▶ **Your goal**: Which lines below fall between the one containing "Lemma reduce_word w" and the one containing "rev (v ++ [d])))"? Repeat them exactly, counting both of those lines, and add nothing else.

▶ **Material supplied**:

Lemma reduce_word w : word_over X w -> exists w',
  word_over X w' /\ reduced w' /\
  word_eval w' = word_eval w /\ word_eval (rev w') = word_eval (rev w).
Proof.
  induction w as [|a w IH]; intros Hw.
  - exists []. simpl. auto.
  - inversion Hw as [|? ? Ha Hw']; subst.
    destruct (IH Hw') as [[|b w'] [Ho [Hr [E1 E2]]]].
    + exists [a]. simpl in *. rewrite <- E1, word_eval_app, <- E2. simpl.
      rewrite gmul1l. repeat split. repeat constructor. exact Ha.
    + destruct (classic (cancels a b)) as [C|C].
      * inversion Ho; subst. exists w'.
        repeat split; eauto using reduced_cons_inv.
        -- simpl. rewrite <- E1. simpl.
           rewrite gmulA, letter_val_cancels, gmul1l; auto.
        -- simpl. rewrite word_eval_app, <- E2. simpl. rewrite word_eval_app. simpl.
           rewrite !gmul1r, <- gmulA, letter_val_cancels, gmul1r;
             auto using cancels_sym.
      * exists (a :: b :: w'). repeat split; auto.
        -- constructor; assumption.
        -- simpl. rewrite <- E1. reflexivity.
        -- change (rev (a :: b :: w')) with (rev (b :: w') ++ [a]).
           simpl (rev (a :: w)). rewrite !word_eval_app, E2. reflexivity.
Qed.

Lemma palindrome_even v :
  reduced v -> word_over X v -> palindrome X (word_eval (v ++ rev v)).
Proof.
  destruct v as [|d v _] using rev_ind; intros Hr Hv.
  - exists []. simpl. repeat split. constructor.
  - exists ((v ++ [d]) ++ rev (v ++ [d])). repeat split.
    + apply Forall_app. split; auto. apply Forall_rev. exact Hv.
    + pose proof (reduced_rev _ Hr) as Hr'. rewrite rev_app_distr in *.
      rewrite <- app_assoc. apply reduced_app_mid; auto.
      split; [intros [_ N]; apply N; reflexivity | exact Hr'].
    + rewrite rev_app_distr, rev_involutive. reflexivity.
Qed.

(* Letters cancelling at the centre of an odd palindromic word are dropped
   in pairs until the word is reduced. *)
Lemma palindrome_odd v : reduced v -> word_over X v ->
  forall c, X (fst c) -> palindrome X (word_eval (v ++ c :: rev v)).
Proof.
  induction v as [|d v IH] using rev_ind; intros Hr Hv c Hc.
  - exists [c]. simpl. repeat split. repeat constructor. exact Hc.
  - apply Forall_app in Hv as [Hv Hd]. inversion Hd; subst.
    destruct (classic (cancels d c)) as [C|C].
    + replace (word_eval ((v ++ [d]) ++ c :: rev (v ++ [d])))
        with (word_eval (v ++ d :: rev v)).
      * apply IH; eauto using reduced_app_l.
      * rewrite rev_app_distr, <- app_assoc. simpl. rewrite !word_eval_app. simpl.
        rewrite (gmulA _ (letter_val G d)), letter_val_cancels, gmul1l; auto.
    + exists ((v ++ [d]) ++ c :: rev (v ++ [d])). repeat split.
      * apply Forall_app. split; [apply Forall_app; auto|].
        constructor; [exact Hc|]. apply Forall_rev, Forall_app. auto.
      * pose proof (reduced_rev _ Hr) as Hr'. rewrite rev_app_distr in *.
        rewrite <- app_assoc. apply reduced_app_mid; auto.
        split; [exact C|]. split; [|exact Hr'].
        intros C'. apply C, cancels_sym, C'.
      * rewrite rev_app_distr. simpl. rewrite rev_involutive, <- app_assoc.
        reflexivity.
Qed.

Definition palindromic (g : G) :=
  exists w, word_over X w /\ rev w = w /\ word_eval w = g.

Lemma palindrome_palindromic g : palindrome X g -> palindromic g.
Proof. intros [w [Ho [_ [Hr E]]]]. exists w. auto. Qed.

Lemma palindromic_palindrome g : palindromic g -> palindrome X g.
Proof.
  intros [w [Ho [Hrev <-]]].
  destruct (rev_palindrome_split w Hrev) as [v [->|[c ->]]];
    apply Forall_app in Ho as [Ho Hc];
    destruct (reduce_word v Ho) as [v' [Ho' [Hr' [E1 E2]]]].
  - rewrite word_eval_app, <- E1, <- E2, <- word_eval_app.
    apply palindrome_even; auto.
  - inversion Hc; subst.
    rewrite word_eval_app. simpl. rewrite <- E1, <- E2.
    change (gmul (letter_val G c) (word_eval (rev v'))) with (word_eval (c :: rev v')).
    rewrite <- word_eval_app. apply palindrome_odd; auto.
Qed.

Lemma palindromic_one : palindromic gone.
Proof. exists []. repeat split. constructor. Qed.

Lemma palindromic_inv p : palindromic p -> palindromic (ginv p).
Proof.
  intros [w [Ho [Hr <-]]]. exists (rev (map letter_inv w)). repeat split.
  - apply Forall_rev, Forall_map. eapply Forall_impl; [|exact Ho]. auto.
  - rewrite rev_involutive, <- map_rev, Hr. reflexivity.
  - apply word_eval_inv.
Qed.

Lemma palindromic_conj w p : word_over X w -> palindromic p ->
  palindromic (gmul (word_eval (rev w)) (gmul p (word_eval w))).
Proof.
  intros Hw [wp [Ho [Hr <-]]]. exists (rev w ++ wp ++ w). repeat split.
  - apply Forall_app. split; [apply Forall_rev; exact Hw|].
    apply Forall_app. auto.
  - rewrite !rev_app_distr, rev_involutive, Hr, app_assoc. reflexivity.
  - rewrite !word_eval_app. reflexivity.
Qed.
--
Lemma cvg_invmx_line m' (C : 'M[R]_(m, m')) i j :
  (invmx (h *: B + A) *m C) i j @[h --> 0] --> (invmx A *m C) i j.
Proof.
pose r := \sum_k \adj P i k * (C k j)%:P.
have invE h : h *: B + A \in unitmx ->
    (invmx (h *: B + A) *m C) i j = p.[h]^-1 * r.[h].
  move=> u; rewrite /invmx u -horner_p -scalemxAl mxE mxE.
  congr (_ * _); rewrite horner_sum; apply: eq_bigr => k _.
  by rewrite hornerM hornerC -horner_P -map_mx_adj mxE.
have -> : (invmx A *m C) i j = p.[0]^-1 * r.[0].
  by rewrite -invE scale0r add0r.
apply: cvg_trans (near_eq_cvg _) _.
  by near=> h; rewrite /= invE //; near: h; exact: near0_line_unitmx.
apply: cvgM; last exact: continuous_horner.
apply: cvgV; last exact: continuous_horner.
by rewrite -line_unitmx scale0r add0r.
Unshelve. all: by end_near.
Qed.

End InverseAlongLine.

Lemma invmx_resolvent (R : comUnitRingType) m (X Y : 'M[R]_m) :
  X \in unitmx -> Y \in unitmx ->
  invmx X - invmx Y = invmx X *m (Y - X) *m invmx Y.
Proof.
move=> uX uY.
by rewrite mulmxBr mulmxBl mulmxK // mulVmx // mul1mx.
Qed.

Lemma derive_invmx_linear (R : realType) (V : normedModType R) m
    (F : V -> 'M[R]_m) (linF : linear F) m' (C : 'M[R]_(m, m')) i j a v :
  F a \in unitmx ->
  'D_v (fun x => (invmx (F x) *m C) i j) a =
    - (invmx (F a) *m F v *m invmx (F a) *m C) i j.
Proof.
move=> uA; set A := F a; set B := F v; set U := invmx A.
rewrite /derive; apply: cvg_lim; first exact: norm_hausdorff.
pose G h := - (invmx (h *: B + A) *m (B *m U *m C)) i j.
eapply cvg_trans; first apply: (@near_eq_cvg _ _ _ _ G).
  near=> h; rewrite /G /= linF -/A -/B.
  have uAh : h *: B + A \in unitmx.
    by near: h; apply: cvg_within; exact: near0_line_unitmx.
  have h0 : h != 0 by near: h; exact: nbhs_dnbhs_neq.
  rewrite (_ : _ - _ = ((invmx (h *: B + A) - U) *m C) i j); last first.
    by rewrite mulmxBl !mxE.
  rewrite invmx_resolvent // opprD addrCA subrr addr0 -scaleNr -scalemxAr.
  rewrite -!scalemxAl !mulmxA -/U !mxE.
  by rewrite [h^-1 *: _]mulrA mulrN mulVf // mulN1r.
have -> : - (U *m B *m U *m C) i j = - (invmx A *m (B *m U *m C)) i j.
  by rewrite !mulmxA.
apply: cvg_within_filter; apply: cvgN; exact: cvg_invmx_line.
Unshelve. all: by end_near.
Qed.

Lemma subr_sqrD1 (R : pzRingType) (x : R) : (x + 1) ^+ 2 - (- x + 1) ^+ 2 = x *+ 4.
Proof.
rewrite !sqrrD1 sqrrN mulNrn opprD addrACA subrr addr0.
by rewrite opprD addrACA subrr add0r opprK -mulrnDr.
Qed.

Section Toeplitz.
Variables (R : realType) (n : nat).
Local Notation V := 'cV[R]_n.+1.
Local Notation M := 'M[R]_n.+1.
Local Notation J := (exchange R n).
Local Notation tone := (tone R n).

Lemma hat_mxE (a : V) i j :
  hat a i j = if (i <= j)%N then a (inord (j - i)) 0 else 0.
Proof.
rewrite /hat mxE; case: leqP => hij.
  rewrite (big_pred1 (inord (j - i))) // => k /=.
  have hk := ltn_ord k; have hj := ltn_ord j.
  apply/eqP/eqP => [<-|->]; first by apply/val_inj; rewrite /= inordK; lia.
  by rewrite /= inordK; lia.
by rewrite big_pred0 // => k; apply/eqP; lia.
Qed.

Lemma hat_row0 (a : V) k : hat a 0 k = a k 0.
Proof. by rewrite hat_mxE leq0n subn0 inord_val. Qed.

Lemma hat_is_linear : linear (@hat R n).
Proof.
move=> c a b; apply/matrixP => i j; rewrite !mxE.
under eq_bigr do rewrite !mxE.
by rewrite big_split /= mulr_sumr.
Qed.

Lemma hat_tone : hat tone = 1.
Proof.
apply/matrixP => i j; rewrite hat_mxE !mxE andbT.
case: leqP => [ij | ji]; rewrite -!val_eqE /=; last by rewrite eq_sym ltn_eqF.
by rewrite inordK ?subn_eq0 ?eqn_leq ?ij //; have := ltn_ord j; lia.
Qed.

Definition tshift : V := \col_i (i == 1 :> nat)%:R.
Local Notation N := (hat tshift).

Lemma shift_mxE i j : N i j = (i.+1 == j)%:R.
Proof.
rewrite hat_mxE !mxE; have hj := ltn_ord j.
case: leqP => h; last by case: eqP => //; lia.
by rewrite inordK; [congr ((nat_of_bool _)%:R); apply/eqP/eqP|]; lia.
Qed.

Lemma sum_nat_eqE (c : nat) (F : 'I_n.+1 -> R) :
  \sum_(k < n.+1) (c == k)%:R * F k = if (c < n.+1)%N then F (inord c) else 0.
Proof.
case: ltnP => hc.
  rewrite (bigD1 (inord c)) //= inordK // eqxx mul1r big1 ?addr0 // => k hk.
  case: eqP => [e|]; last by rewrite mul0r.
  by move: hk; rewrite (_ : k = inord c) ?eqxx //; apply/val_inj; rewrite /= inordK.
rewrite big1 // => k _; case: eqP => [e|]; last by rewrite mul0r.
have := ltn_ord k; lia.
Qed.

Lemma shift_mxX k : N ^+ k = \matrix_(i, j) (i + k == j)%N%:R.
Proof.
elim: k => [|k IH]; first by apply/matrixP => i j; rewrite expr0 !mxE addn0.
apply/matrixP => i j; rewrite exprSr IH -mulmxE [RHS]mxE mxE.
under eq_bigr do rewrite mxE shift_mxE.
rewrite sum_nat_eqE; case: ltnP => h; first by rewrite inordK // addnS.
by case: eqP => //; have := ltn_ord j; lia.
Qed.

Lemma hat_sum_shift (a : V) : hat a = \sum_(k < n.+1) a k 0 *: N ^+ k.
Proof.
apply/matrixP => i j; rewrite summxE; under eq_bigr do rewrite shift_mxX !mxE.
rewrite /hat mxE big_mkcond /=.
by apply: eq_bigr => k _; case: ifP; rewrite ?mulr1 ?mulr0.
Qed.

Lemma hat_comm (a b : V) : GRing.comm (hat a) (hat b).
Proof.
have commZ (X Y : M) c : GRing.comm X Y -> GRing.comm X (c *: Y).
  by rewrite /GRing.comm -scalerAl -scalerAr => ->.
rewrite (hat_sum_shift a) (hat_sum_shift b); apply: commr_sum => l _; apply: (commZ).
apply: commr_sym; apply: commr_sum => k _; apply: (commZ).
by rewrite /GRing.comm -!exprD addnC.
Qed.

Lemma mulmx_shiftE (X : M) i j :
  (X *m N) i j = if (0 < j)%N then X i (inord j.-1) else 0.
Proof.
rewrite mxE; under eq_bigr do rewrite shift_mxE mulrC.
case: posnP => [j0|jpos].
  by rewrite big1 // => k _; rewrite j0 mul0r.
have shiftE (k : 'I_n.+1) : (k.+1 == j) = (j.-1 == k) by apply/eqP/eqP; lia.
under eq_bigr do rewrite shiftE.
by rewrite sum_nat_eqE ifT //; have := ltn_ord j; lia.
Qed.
...
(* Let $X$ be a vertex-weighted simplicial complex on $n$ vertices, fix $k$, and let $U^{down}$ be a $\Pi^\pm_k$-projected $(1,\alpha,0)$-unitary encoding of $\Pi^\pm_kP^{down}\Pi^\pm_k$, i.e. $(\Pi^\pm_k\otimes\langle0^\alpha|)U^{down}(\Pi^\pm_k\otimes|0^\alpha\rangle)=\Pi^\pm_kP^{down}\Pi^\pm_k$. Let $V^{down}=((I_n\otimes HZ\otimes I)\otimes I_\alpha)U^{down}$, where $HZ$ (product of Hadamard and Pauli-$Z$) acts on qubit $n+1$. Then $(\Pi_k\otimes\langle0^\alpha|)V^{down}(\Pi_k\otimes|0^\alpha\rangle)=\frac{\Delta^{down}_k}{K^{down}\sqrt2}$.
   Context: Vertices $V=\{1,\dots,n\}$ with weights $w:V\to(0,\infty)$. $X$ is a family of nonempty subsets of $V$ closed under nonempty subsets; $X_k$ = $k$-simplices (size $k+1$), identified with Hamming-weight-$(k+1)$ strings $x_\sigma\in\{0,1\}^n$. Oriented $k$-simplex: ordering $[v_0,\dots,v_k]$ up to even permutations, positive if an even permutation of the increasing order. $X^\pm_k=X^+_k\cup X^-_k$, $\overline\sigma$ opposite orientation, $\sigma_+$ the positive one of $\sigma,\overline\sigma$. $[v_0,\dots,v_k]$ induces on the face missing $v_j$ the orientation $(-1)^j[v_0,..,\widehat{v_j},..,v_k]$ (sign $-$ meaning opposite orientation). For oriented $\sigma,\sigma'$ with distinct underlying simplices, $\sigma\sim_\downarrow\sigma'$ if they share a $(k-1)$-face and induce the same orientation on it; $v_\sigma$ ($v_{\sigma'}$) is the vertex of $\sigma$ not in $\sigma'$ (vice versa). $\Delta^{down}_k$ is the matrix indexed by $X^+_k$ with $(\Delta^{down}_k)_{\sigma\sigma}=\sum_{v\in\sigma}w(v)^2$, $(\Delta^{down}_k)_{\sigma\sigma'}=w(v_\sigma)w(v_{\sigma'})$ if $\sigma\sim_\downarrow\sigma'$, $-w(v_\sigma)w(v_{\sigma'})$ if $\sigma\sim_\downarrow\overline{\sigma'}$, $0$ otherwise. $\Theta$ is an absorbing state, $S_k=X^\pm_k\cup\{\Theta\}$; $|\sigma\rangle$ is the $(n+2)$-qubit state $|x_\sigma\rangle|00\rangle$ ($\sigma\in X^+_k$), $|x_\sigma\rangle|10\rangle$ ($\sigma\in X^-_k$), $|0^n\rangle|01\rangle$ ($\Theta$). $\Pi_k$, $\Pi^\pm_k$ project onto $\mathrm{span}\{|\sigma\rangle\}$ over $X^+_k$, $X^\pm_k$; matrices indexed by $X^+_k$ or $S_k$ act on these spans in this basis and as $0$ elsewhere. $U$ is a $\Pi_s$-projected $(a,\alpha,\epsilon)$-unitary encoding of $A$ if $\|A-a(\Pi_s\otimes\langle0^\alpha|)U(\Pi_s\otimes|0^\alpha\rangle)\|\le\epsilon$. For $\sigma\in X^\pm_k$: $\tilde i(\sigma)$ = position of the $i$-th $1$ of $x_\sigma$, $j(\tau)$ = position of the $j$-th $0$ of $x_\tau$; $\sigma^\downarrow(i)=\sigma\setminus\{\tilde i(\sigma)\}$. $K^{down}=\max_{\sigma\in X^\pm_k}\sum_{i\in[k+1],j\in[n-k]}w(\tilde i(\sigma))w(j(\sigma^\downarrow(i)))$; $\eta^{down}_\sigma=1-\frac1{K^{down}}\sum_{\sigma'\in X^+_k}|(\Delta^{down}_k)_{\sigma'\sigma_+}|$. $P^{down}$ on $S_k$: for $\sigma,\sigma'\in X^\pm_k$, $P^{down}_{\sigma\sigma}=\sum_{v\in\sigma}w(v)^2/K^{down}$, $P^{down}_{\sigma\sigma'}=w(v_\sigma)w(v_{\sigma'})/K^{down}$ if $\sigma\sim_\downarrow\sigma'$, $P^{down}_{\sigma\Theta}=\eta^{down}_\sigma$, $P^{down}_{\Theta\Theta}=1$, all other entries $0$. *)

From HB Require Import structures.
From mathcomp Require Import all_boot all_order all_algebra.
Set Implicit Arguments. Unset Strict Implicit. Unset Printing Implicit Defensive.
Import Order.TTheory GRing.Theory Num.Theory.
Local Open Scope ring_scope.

▶ **Answer section**:
Lemma reduce_word w : word_over X w -> exists w',
  word_over X w' /\ reduced w' /\
  word_eval w' = word_eval w /\ word_eval (rev w') = word_eval (rev w).
Proof.
  induction w as [|a w IH]; intros Hw.
  - exists []. simpl. auto.
  - inversion Hw as [|? ? Ha Hw']; subst.
    destruct (IH Hw') as [[|b w'] [Ho [Hr [E1 E2]]]].
    + exists [a]. simpl in *. rewrite <- E1, word_eval_app, <- E2. simpl.
      rewrite gmul1l. repeat split. repeat constructor. exact Ha.
    + destruct (classic (cancels a b)) as [C|C].
      * inversion Ho; subst. exists w'.
        repeat split; eauto using reduced_cons_inv.
        -- simpl. rewrite <- E1. simpl.
           rewrite gmulA, letter_val_cancels, gmul1l; auto.
        -- simpl. rewrite word_eval_app, <- E2. simpl. rewrite word_eval_app. simpl.
           rewrite !gmul1r, <- gmulA, letter_val_cancels, gmul1r;
             auto using cancels_sym.
      * exists (a :: b :: w'). repeat split; auto.
        -- constructor; assumption.
        -- simpl. rewrite <- E1. reflexivity.
        -- change (rev (a :: b :: w')) with (rev (b :: w') ++ [a]).
           simpl (rev (a :: w)). rewrite !word_eval_app, E2. reflexivity.
Qed.

Lemma palindrome_even v :
  reduced v -> word_over X v -> palindrome X (word_eval (v ++ rev v)).
Proof.
  destruct v as [|d v _] using rev_ind; intros Hr Hv.
  - exists []. simpl. repeat split. constructor.
  - exists ((v ++ [d]) ++ rev (v ++ [d])). repeat split.
    + apply Forall_app. split; auto. apply Forall_rev. exact Hv.
    + pose proof (reduced_rev _ Hr) as Hr'. rewrite rev_app_distr in *.
      rewrite <- app_assoc. apply reduced_app_mid; auto.
      split; [intros [_ N]; apply N; reflexivity | exact Hr'].
    + rewrite rev_app_distr, rev_involutive. reflexivity.
Qed.

(* Letters cancelling at the centre of an odd palindromic word are dropped
   in pairs until the word is reduced. *)
Lemma palindrome_odd v : reduced v -> word_over X v ->
  forall c, X (fst c) -> palindrome X (word_eval (v ++ c :: rev v)).
Proof.
  induction v as [|d v IH] using rev_ind; intros Hr Hv c Hc.
  - exists [c]. simpl. repeat split. repeat constructor. exact Hc.
  - apply Forall_app in Hv as [Hv Hd]. inversion Hd; subst.
    destruct (classic (cancels d c)) as [C|C].
    + replace (word_eval ((v ++ [d]) ++ c :: rev (v ++ [d])))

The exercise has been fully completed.